• PROBLEM
Emit an exact copy of the lines running from the start of the records to the line containing "have -> : contr", both included.

Saved data entries
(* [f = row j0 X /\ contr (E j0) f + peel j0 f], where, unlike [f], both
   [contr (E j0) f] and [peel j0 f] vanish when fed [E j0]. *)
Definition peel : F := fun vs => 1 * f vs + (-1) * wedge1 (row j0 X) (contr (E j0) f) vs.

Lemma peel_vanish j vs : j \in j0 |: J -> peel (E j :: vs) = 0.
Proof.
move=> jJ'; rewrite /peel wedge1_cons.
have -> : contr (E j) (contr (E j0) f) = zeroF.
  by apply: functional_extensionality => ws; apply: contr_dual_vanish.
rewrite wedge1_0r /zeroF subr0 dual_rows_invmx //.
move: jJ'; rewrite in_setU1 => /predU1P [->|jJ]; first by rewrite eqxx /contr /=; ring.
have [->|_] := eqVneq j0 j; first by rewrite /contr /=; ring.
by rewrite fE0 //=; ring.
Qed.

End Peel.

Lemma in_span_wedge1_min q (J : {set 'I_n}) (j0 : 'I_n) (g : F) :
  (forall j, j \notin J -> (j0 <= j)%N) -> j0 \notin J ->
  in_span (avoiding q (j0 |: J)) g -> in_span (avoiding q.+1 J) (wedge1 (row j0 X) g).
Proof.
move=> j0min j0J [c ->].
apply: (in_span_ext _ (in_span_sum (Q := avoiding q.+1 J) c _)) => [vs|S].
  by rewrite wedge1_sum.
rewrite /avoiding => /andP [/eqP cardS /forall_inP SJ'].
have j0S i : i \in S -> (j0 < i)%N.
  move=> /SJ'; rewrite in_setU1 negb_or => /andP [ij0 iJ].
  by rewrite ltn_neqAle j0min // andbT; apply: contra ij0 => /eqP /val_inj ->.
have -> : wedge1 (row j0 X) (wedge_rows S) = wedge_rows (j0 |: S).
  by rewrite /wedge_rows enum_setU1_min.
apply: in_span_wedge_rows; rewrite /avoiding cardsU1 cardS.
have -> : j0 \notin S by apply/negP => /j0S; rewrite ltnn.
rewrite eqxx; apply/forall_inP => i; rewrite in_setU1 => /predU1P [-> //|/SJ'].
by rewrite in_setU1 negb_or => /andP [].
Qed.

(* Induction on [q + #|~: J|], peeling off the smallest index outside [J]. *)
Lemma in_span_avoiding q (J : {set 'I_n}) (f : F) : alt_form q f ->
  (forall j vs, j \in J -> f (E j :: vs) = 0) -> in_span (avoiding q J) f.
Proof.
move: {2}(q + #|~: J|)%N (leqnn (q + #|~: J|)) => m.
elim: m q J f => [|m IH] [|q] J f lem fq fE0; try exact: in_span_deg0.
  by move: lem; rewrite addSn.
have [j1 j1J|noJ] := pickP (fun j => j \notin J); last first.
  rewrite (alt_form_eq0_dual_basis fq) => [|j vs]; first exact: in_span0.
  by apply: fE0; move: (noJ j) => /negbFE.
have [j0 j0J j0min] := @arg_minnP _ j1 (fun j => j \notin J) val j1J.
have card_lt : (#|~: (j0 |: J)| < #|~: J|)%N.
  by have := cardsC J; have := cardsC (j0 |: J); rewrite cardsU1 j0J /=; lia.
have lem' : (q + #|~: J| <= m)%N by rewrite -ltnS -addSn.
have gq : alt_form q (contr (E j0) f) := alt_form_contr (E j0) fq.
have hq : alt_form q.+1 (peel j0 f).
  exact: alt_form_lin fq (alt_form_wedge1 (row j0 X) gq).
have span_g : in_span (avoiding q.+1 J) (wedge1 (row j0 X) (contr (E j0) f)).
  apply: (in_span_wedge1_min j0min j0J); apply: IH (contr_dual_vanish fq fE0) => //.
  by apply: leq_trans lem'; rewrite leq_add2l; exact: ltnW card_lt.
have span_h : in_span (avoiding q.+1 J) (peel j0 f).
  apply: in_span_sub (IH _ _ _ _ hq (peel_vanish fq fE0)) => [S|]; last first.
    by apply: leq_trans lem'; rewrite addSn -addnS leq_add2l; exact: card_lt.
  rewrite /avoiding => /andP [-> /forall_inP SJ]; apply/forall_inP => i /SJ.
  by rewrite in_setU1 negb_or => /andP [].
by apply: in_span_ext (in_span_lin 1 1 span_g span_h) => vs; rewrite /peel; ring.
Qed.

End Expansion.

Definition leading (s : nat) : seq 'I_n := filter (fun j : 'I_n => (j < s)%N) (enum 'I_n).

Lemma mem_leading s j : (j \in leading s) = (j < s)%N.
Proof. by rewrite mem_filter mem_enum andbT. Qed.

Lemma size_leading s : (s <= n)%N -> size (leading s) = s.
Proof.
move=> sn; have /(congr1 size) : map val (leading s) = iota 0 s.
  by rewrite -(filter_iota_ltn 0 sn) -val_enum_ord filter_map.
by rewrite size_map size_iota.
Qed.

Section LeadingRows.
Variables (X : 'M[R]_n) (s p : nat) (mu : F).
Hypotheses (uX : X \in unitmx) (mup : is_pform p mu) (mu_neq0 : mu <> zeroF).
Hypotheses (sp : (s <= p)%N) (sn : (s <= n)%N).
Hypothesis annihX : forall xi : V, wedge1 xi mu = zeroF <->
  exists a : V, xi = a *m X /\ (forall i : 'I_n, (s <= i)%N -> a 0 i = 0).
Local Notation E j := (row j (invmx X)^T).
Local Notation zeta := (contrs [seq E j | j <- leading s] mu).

• ANSWER SPACE
(* [f = row j0 X /\ contr (E j0) f + peel j0 f], where, unlike [f], both
   [contr (E j0) f] and [peel j0 f] vanish when fed [E j0]. *)
Definition peel : F := fun vs => 1 * f vs + (-1) * wedge1 (row j0 X) (contr (E j0) f) vs.

Lemma peel_vanish j vs : j \in j0 |: J -> peel (E j :: vs) = 0.
Proof.
move=> jJ'; rewrite /peel wedge1_cons.
have -> : contr (E j) (contr (E j0) f) = zeroF.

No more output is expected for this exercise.